§ **TASK PROMPT**: Transcribe the data underneath exactly, keeping every word in place.

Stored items

= = =

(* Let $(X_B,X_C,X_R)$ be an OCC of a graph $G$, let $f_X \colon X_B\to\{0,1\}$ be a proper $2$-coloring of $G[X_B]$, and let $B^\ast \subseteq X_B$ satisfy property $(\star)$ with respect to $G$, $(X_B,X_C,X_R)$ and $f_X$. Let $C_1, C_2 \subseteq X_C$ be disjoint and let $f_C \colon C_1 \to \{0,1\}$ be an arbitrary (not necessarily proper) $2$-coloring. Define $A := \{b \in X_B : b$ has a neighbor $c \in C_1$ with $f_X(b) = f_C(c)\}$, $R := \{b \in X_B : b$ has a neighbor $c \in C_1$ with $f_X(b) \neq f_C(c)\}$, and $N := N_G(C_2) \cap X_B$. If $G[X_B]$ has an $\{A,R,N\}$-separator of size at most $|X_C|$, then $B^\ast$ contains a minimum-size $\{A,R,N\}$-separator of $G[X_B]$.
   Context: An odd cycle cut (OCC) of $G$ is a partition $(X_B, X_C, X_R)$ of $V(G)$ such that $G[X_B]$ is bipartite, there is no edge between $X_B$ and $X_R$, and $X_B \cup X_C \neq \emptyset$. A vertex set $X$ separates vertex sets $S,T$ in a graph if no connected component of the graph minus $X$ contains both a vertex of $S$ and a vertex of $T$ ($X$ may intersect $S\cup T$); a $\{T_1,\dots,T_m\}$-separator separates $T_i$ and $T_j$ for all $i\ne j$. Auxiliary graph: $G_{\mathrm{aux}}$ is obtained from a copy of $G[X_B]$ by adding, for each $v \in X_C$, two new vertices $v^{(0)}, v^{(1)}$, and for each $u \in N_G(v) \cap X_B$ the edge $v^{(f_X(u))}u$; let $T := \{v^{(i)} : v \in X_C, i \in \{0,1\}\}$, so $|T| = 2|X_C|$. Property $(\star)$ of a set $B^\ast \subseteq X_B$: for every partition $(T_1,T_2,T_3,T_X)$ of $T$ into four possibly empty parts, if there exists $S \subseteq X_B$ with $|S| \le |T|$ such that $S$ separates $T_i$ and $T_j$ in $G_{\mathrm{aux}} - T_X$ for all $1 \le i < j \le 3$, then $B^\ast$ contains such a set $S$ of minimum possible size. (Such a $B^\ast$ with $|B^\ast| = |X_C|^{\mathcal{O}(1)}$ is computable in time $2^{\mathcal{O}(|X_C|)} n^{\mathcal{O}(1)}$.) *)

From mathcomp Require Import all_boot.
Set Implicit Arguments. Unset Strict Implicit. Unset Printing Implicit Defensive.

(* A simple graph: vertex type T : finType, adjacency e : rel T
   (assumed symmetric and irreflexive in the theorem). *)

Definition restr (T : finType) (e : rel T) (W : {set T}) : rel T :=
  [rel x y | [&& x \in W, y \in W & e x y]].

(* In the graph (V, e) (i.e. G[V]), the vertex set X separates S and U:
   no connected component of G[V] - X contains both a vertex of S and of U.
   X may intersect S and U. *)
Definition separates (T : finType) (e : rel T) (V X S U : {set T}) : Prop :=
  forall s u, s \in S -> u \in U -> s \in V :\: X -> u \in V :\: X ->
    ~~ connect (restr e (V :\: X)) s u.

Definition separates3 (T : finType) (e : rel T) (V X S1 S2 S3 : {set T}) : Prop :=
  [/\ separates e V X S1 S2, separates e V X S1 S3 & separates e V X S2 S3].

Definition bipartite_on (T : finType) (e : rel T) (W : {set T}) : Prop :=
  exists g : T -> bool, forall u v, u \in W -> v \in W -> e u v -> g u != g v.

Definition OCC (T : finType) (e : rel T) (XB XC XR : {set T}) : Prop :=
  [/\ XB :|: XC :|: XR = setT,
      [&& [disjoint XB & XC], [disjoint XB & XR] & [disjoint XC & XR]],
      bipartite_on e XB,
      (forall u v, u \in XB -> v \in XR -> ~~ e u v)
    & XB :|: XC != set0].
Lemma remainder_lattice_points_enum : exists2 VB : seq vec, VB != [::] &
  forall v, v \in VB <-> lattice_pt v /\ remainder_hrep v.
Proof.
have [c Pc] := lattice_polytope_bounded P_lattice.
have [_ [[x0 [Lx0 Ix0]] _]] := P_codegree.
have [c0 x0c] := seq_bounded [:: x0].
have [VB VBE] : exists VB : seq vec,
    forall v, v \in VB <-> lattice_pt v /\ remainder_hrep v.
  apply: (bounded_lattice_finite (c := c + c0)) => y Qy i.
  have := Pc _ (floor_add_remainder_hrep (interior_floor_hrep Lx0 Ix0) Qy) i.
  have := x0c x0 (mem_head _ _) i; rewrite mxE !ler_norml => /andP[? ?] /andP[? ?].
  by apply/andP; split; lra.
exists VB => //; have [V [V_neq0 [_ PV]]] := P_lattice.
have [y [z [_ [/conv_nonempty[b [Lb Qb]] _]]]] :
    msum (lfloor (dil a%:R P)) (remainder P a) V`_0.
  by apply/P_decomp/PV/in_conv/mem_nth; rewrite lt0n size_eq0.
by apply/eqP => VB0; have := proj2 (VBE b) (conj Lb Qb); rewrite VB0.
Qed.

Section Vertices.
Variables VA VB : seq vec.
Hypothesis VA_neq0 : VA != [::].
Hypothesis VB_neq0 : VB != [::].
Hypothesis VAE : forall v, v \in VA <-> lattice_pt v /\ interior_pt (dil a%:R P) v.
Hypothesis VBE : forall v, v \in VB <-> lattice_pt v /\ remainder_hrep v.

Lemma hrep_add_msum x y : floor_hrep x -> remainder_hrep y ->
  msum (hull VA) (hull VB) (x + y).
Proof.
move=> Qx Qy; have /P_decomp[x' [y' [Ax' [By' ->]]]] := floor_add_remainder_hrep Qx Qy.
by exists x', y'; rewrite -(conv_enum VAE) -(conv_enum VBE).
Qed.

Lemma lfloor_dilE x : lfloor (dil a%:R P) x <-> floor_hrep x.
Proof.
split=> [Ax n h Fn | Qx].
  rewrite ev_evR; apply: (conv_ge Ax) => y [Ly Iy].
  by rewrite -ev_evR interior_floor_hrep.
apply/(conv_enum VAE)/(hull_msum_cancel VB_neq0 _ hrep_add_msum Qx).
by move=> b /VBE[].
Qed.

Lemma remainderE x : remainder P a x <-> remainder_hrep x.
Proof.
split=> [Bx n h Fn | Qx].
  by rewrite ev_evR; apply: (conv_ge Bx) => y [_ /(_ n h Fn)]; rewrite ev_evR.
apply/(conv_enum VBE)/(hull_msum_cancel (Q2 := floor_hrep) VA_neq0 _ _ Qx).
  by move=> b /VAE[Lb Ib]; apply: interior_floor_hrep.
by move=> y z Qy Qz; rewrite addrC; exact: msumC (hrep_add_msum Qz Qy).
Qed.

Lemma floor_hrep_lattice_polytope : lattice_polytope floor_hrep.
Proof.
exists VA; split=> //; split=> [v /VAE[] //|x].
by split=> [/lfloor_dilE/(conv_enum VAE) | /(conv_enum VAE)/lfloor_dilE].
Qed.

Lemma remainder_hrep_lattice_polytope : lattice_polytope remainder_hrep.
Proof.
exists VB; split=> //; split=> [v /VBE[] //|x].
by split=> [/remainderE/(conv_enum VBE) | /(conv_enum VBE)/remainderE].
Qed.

= = =

§ **SOLUTION BELOW**:
(* Let $(X_B,X_C,X_R)$ be an OCC of a graph $G$, let $f_X \colon X_B\to\{0,1\}$ be a proper $2$-coloring of $G[X_B]$, and let $B^\ast \subseteq X_B$ satisfy property $(\star)$ with respect to $G$, $(X_B,X_C,X_R)$ and $f_X$. Let $C_1, C_2 \subseteq X_C$ be disjoint and let $f_C \colon C_1 \to \{0,1\}$ be an arbitrary (not necessarily proper) $2$-coloring. Define $A := \{b \in X_B : b$ has a neighbor $c \in C_1$ with $f_X(b) = f_C(c)\}$, $R := \{b \in X_B : b$ has a neighbor $c \in C_1$ with $f_X(b) \neq f_C(c)\}$, and $N := N_G(C_2) \cap X_B$. If $G[X_B]$ has an $\{A,R,N\}$-separator of size at most $|X_C|$, then $B^\ast$ contains a minimum-size $\{A,R,N\}$-separator of $G[X_B]$.
   Context: An odd cycle cut (OCC) of $G$ is a partition $(X_B, X_C, X_R)$ of $V(G)$ such that $G[X_B]$ is bipartite, there is no edge between $X_B$ and $X_R$, and $X_B \cup X_C \neq \emptyset$. A vertex set $X$ separates vertex sets $S,T$ in a graph if no connected component of the graph minus $X$ contains both a vertex of $S$ and a vertex of $T$ ($X$ may intersect $S\cup T$); a $\{T_1,\dots,T_m\}$-separator separates $T_i$ and $T_j$ for all $i\ne j$. Auxiliary graph: $G_{\mathrm{aux}}$ is obtained from a copy of $G[X_B]$ by adding, for each $v \in X_C$, two new vertices $v^{(0)}, v^{(1)}$, and for each $u \in N_G(v) \cap X_B$ the edge $v^{(f_X(u))}u$; let $T := \{v^{(i)} : v \in X_C, i \in \{0,1\}\}$, so $|T| = 2|X_C|$. Property $(\star)$ of a set $B^\ast \subseteq X_B$: for every partition $(T_1,T_2,T_3,T_X)$ of $T$ into four possibly empty parts, if there exists $S \subseteq X_B$ with $|S| \le |T|$ such that $S$ separates $T_i$ and $T_j$ in $G_{\mathrm{aux}} - T_X$ for all $1 \le i < j \le 3$, then $B^\ast$ contains such a set $S$ of minimum possible size. (Such a $B^\ast$ with $|B^\ast| = |X_C|^{\mathcal{O}(1)}$ is computable in time $2^{\mathcal{O}(|X_C|)} n^{\mathcal{O}(1)}$.) *)

From mathcomp Require Import all_boot.
Set Implicit Arguments. Unset Strict Implicit. Unset Printing Implicit Defensive.

(* A simple graph: vertex type T : finType, adjacency e : rel T
   (assumed symmetric and irreflexive in the theorem). *)

Definition restr (T : finType) (e : rel T) (W : {set T}) : rel T :=
  [rel x y | [&& x \in W, y \in W & e x y]].

(* In the graph (V, e) (i.e. G[V]), the vertex set X separates S and U:
   no connected component of G[V] - X contains both a vertex of S and of U.
   X may intersect S and U. *)
Definition separates (T : finType) (e : rel T) (V X S U : {set T}) : Prop :=
  forall s u, s \in S -> u \in U -> s \in V :\: X -> u \in V :\: X ->
    ~~ connect (restr e (V :\: X)) s u.

Definition separates3 (T : finType) (e : rel T) (V X S1 S2 S3 : {set T}) : Prop :=
  [/\ separates e V X S1 S2, separates e V X S1 S3 & separates e V X S2 S3].

Definition bipartite_on (T : finType) (e : rel T) (W : {set T}) : Prop :=
  exists g : T -> bool, forall u v, u \in W -> v \in W -> e u v -> g u != g v.

Definition OCC (T : finType) (e : rel T) (XB XC XR : {set T}) : Prop :=
  [/\ XB :|: XC :|: XR = setT,
      [&& [disjoint XB & XC], [disjoint XB & XR] & [disjoint XC & XR]],
      bipartite_on e XB,
      (forall u v, u \in XB -> v \in XR -> ~~ e u v)
    & XB :|: XC != set0].
Lemma remainder_lattice_points_enum : exists2 VB : seq vec, VB != [::] &
  forall v, v \in VB <-> lattice_pt v /\ remainder_hrep v.
Proof.
have [c Pc] := lattice_polytope_bounded P_lattice.
have [_ [[x0 [Lx0 Ix0]] _]] := P_codegree.
have [c0 x0c] := seq_bounded [:: x0].
have [VB VBE] : exists VB : seq vec,
    forall v, v \in VB <-> lattice_pt v /\ remainder_hrep v.
  apply: (bounded_lattice_finite (c := c + c0)) => y Qy i.
  have := Pc _ (floor_add_remainder_hrep (interior_floor_hrep Lx0 Ix0) Qy) i.
  have := x0c x0 (mem_head _ _) i; rewrite mxE !ler_norml => /andP[? ?] /andP[? ?].
  by apply/andP; split; lra.
exists VB => //; have [V [V_neq0 [_ PV]]] := P_lattice.
have [y [z [_ [/conv_nonempty[b [Lb Qb]] _]]]] :
    msum (lfloor (dil a%:R P)) (remainder P a) V`_0.
  by apply/P_decomp/PV/in_conv/mem_nth; rewrite lt0n size_eq0.
by apply/eqP => VB0; have := proj2 (VBE b) (conj Lb Qb); rewrite VB0.
Qed.

Section Vertices.
Variables VA VB : seq vec.
Hypothesis VA_neq0 : VA != [::].
Hypothesis VB_neq0 : VB != [::].
Hypothesis VAE : forall v, v \in VA <-> lattice_pt v /\ interior_pt (dil a%:R P) v.
Hypothesis VBE : forall v, v \in VB <-> lattice_pt v /\ remainder_hrep v.

Lemma hrep_add_msum x y : floor_hrep x -> remainder_hrep y ->
  msum (hull VA) (hull VB) (x + y).
Proof.
move=> Qx Qy; have /P_decomp[x' [y' [Ax' [By' ->]]]] := floor_add_remainder_hrep Qx Qy.
by exists x', y'; rewrite -(conv_enum VAE) -(conv_enum VBE).
Qed.

Lemma lfloor_dilE x : lfloor (dil a%:R P) x <-> floor_hrep x.
Proof.
split=> [Ax n h Fn | Qx].
  rewrite ev_evR; apply: (conv_ge Ax) => y [Ly Iy].
  by rewrite -ev_evR interior_floor_hrep.
apply/(conv_enum VAE)/(hull_msum_cancel VB_neq0 _ hrep_add_msum Qx).
by move=> b /VBE[].
Qed.

Lemma remainderE x : remainder P a x <-> remainder_hrep x.
Proof.
split=> [Bx n h Fn | Qx].
  by rewrite ev_evR; apply: (conv_ge Bx) => y [_ /(_ n h Fn)]; rewrite ev_evR.
apply/(conv_enum VBE)/(hull_msum_cancel (Q2 := floor_hrep) VA_neq0 _ _ Qx).
  by move=> b /VAE[Lb Ib]; apply: interior_floor_hrep.
by move=> y z Qy Qz; rewrite addrC; exact: msumC (hrep_add_msum Qz Qy).
Qed.

Lemma floor_hrep_lattice_polytope : lattice_polytope floor_hrep.
Proof.
exists VA; split=> //; split=> [v /VAE[] //|x].
by split=> [/lfloor_dilE/(conv_enum VAE) | /(conv_enum VAE)/lfloor_dilE].
Qed.

Lemma remainder_hrep_lattice_polytope : lattice_polytope remainder_hrep.
Proof.
exists VB; split=> //; split=> [v /VBE[] //|x].
by split=> [/remainderE/(conv_enum VBE) | /(conv_enum VBE)/remainderE].
Qed.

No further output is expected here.